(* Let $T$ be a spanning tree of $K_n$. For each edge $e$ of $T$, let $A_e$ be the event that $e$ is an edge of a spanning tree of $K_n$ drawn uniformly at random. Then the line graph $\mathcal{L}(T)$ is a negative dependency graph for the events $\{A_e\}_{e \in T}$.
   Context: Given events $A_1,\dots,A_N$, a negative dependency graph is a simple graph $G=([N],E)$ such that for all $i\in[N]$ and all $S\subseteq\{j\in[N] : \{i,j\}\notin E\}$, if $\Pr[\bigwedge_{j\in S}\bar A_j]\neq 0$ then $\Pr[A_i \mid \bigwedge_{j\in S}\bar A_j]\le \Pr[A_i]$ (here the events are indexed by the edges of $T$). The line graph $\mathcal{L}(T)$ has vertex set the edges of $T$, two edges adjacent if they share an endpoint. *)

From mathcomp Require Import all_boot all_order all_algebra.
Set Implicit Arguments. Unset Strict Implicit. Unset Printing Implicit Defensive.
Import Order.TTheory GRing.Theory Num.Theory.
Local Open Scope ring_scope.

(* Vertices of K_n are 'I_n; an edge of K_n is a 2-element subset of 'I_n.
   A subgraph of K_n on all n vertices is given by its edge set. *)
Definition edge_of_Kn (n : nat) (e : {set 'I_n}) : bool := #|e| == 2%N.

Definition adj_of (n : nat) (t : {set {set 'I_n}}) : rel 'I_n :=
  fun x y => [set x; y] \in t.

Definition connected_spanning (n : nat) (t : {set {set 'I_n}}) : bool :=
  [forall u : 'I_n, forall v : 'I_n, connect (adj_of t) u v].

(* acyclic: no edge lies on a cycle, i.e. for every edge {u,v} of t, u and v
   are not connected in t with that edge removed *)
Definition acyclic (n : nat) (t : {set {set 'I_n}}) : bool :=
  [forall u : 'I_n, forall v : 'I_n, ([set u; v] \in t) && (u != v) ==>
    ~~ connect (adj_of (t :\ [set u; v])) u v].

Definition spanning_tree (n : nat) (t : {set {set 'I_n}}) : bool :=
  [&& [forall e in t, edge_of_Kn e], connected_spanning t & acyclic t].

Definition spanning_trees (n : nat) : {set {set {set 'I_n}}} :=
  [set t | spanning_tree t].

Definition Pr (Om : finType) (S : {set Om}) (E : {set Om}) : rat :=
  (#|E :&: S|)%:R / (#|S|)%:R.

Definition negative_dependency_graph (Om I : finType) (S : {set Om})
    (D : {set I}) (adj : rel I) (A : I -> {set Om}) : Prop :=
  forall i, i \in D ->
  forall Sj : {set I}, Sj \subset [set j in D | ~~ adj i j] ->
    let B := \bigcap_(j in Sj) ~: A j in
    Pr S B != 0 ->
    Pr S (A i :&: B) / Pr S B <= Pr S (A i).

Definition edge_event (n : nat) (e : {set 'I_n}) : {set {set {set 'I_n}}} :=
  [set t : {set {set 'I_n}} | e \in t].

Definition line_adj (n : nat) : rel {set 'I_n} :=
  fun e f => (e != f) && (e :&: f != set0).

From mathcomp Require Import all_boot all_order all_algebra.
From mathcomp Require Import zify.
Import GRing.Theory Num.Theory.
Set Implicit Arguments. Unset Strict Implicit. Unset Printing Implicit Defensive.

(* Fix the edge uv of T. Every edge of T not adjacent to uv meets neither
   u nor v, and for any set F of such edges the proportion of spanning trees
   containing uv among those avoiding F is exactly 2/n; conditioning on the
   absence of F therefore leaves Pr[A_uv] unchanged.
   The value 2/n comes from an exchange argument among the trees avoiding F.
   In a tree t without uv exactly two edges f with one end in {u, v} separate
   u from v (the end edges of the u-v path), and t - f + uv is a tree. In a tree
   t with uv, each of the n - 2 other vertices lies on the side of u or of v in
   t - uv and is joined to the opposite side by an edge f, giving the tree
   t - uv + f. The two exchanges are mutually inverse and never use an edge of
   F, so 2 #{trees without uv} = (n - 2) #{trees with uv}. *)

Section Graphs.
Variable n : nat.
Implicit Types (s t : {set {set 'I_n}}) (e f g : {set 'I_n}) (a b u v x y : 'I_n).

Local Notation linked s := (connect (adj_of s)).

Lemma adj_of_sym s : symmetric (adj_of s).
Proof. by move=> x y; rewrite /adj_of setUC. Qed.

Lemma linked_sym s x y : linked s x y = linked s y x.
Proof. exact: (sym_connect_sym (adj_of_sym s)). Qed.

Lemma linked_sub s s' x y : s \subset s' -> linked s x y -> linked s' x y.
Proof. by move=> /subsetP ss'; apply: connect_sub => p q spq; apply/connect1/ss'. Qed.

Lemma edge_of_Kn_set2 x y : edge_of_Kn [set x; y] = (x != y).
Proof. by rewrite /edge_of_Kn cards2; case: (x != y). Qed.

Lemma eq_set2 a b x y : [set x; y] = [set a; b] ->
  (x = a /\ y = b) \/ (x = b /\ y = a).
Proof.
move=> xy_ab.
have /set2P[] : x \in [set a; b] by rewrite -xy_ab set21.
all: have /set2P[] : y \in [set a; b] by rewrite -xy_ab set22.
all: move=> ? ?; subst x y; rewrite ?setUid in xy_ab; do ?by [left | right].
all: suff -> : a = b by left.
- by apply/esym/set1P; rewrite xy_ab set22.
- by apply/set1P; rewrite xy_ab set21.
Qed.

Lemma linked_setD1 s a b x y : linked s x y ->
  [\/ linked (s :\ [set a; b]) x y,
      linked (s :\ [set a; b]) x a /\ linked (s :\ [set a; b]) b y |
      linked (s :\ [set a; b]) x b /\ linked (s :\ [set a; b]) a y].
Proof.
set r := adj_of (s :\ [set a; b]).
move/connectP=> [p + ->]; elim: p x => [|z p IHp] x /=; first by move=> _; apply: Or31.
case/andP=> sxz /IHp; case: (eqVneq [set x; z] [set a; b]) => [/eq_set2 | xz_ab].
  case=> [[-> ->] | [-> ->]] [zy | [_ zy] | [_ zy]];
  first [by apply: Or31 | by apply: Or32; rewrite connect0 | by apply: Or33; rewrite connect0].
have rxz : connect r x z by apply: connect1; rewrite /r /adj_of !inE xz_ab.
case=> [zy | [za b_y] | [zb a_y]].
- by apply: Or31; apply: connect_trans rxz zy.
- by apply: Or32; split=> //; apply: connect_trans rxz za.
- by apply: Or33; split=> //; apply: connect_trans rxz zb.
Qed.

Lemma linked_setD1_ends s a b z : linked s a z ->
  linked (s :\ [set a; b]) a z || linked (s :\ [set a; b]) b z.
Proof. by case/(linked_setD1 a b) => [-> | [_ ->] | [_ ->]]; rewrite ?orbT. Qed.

————

▸ **REQUIRED WORK**
In the records above, locate every line with the string "each" and copy it.

▸ **RESPONSE AREA**
(* Let $T$ be a spanning tree of $K_n$. For each edge $e$ of $T$, let $A_e$ be the event that $e$ is an edge of a spanning tree of $K_n$ drawn uniformly at random. Then the line graph $\mathcal{L}(T)$ is a negative dependency graph for the events $\{A_e\}_{e \in T}$.
   t with uv, each of the n - 2 other vertices lies on the side of u or of v in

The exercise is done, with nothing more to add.